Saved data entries
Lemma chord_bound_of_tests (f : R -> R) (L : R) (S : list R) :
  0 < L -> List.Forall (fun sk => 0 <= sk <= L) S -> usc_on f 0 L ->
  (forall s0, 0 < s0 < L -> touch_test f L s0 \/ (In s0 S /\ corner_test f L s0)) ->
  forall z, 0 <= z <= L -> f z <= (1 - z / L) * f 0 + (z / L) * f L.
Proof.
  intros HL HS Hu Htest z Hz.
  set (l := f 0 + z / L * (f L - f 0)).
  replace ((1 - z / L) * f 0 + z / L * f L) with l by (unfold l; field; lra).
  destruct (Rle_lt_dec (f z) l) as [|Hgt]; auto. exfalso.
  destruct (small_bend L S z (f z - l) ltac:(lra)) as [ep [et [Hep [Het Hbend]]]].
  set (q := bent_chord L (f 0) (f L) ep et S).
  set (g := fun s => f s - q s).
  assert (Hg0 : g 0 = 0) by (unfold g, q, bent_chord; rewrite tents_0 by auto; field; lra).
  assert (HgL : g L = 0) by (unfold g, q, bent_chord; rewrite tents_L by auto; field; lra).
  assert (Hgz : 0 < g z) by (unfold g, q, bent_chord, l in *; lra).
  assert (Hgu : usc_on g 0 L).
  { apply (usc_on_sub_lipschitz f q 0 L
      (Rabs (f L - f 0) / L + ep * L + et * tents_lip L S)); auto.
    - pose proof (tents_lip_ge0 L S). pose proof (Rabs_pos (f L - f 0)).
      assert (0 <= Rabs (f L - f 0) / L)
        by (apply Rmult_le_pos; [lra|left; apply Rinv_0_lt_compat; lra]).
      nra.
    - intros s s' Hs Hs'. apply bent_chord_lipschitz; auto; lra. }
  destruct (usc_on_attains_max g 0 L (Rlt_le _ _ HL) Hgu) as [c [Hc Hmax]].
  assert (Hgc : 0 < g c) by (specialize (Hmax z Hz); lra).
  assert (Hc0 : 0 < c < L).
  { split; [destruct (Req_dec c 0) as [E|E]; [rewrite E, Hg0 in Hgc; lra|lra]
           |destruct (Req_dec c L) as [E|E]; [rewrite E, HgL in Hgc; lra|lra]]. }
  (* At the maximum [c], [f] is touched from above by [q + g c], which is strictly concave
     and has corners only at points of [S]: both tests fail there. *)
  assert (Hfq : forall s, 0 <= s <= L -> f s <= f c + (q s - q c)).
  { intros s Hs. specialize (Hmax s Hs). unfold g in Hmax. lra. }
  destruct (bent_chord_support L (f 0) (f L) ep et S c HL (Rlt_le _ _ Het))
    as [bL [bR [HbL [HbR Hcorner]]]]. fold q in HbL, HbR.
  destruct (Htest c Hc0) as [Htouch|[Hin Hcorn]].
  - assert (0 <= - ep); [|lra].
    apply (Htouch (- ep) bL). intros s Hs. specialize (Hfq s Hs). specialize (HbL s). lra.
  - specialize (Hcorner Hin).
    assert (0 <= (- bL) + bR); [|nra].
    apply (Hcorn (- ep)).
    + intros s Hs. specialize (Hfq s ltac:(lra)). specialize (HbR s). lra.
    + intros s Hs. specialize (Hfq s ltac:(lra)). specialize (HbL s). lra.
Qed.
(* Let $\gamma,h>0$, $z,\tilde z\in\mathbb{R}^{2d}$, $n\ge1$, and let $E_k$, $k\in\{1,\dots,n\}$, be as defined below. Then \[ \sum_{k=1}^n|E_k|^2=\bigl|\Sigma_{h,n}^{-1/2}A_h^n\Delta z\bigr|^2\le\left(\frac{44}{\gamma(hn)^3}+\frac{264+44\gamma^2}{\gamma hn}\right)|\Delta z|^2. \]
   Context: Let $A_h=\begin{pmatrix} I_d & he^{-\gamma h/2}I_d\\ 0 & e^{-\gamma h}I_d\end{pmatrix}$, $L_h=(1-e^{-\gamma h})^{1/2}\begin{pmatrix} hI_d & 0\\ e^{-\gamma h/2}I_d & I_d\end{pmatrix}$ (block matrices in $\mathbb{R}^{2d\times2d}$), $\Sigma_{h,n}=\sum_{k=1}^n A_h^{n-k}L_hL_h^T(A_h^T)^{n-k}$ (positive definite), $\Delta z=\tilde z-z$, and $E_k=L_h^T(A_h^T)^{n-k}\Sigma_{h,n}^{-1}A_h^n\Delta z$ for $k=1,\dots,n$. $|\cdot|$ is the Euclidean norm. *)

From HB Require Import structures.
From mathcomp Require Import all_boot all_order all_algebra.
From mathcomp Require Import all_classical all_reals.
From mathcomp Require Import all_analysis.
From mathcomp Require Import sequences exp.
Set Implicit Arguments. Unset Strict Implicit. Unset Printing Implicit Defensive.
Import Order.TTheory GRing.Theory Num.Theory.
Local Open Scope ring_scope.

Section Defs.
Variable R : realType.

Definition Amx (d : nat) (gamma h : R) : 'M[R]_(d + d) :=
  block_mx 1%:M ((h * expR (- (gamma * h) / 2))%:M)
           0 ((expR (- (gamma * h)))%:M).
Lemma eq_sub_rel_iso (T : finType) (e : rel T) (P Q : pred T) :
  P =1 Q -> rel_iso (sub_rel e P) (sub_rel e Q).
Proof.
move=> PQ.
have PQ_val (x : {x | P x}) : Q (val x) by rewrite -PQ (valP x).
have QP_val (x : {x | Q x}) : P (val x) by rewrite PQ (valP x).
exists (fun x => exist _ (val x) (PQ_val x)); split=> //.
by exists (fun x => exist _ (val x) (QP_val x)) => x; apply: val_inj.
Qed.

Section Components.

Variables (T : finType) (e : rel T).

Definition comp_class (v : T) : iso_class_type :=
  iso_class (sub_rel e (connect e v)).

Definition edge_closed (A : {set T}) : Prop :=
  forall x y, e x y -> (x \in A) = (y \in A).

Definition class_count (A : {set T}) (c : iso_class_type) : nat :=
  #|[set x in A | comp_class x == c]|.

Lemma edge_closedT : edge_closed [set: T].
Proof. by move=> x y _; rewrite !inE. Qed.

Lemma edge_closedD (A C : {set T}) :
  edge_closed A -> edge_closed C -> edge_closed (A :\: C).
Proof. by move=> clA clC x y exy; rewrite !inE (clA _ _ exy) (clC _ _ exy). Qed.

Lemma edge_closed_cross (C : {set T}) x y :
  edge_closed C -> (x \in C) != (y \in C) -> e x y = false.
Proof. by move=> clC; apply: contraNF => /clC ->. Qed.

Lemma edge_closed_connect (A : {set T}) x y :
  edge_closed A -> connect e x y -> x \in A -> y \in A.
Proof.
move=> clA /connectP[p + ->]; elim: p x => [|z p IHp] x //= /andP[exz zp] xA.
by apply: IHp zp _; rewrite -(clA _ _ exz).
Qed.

Task item
Print all the data above word for word.

Written answer
Lemma chord_bound_of_tests (f : R -> R) (L : R) (S : list R) :
  0 < L -> List.Forall (fun sk => 0 <= sk <= L) S -> usc_on f 0 L ->
  (forall s0, 0 < s0 < L -> touch_test f L s0 \/ (In s0 S /\ corner_test f L s0)) ->
  forall z, 0 <= z <= L -> f z <= (1 - z / L) * f 0 + (z / L) * f L.
Proof.
  intros HL HS Hu Htest z Hz.
  set (l := f 0 + z / L * (f L - f 0)).
  replace ((1 - z / L) * f 0 + z / L * f L) with l by (unfold l; field; lra).
  destruct (Rle_lt_dec (f z) l) as [|Hgt]; auto. exfalso.
  destruct (small_bend L S z (f z - l) ltac:(lra)) as [ep [et [Hep [Het Hbend]]]].
  set (q := bent_chord L (f 0) (f L) ep et S).
  set (g := fun s => f s - q s).
  assert (Hg0 : g 0 = 0) by (unfold g, q, bent_chord; rewrite tents_0 by auto; field; lra).
  assert (HgL : g L = 0) by (unfold g, q, bent_chord; rewrite tents_L by auto; field; lra).
  assert (Hgz : 0 < g z) by (unfold g, q, bent_chord, l in *; lra).
  assert (Hgu : usc_on g 0 L).
  { apply (usc_on_sub_lipschitz f q 0 L
      (Rabs (f L - f 0) / L + ep * L + et * tents_lip L S)); auto.
    - pose proof (tents_lip_ge0 L S). pose proof (Rabs_pos (f L - f 0)).
      assert (0 <= Rabs (f L - f 0) / L)
        by (apply Rmult_le_pos; [lra|left; apply Rinv_0_lt_compat; lra]).
      nra.
    - intros s s' Hs Hs'. apply bent_chord_lipschitz; auto; lra. }
  destruct (usc_on_attains_max g 0 L (Rlt_le _ _ HL) Hgu) as [c [Hc Hmax]].
  assert (Hgc : 0 < g c) by (specialize (Hmax z Hz); lra).
  assert (Hc0 : 0 < c < L).
  { split; [destruct (Req_dec c 0) as [E|E]; [rewrite E, Hg0 in Hgc; lra|lra]
           |destruct (Req_dec c L) as [E|E]; [rewrite E, HgL in Hgc; lra|lra]]. }
  (* At the maximum [c], [f] is touched from above by [q + g c], which is strictly concave
     and has corners only at points of [S]: both tests fail there. *)
  assert (Hfq : forall s, 0 <= s <= L -> f s <= f c + (q s - q c)).
  { intros s Hs. specialize (Hmax s Hs). unfold g in Hmax. lra. }
  destruct (bent_chord_support L (f 0) (f L) ep et S c HL (Rlt_le _ _ Het))
    as [bL [bR [HbL [HbR Hcorner]]]]. fold q in HbL, HbR.
  destruct (Htest c Hc0) as [Htouch|[Hin Hcorn]].
  - assert (0 <= - ep); [|lra].
    apply (Htouch (- ep) bL). intros s Hs. specialize (Hfq s Hs). specialize (HbL s). lra.
  - specialize (Hcorner Hin).
    assert (0 <= (- bL) + bR); [|nra].
    apply (Hcorn (- ep)).
    + intros s Hs. specialize (Hfq s ltac:(lra)). specialize (HbR s). lra.
    + intros s Hs. specialize (Hfq s ltac:(lra)). specialize (HbL s). lra.
Qed.
(* Let $\gamma,h>0$, $z,\tilde z\in\mathbb{R}^{2d}$, $n\ge1$, and let $E_k$, $k\in\{1,\dots,n\}$, be as defined below. Then \[ \sum_{k=1}^n|E_k|^2=\bigl|\Sigma_{h,n}^{-1/2}A_h^n\Delta z\bigr|^2\le\left(\frac{44}{\gamma(hn)^3}+\frac{264+44\gamma^2}{\gamma hn}\right)|\Delta z|^2. \]
   Context: Let $A_h=\begin{pmatrix} I_d & he^{-\gamma h/2}I_d\\ 0 & e^{-\gamma h}I_d\end{pmatrix}$, $L_h=(1-e^{-\gamma h})^{1/2}\begin{pmatrix} hI_d & 0\\ e^{-\gamma h/2}I_d & I_d\end{pmatrix}$ (block matrices in $\mathbb{R}^{2d\times2d}$), $\Sigma_{h,n}=\sum_{k=1}^n A_h^{n-k}L_hL_h^T(A_h^T)^{n-k}$ (positive definite), $\Delta z=\tilde z-z$, and $E_k=L_h^T(A_h^T)^{n-k}\Sigma_{h,n}^{-1}A_h^n\Delta z$ for $k=1,\dots,n$. $|\cdot|$ is the Euclidean norm. *)

From HB Require Import structures.
From mathcomp Require Import all_boot all_order all_algebra.
From mathcomp Require Import all_classical all_reals.
From mathcomp Require Import all_analysis.
From mathcomp Require Import sequences exp.
Set Implicit Arguments. Unset Strict Implicit. Unset Printing Implicit Defensive.
Import Order.TTheory GRing.Theory Num.Theory.
Local Open Scope ring_scope.

Section Defs.
Variable R : realType.

Definition Amx (d : nat) (gamma h : R) : 'M[R]_(d + d) :=
  block_mx 1%:M ((h * expR (- (gamma * h) / 2))%:M)
           0 ((expR (- (gamma * h)))%:M).
Lemma eq_sub_rel_iso (T : finType) (e : rel T) (P Q : pred T) :
  P =1 Q -> rel_iso (sub_rel e P) (sub_rel e Q).
Proof.
move=> PQ.
have PQ_val (x : {x | P x}) : Q (val x) by rewrite -PQ (valP x).
have QP_val (x : {x | Q x}) : P (val x) by rewrite PQ (valP x).
exists (fun x => exist _ (val x) (PQ_val x)); split=> //.
by exists (fun x => exist _ (val x) (QP_val x)) => x; apply: val_inj.
Qed.

Section Components.

Variables (T : finType) (e : rel T).

Definition comp_class (v : T) : iso_class_type :=
  iso_class (sub_rel e (connect e v)).

Definition edge_closed (A : {set T}) : Prop :=
  forall x y, e x y -> (x \in A) = (y \in A).

Definition class_count (A : {set T}) (c : iso_class_type) : nat :=
  #|[set x in A | comp_class x == c]|.

Lemma edge_closedT : edge_closed [set: T].
Proof. by move=> x y _; rewrite !inE. Qed.

Lemma edge_closedD (A C : {set T}) :
  edge_closed A -> edge_closed C -> edge_closed (A :\: C).
Proof. by move=> clA clC x y exy; rewrite !inE (clA _ _ exy) (clC _ _ exy). Qed.

Lemma edge_closed_cross (C : {set T}) x y :
  edge_closed C -> (x \in C) != (y \in C) -> e x y = false.
Proof. by move=> clC; apply: contraNF => /clC ->. Qed.

Lemma edge_closed_connect (A : {set T}) x y :
  edge_closed A -> connect e x y -> x \in A -> y \in A.
Proof.
move=> clA /connectP[p + ->]; elim: p x => [|z p IHp] x //= /andP[exz zp] xA.
by apply: IHp zp _; rewrite -(clA _ _ exz).
Qed.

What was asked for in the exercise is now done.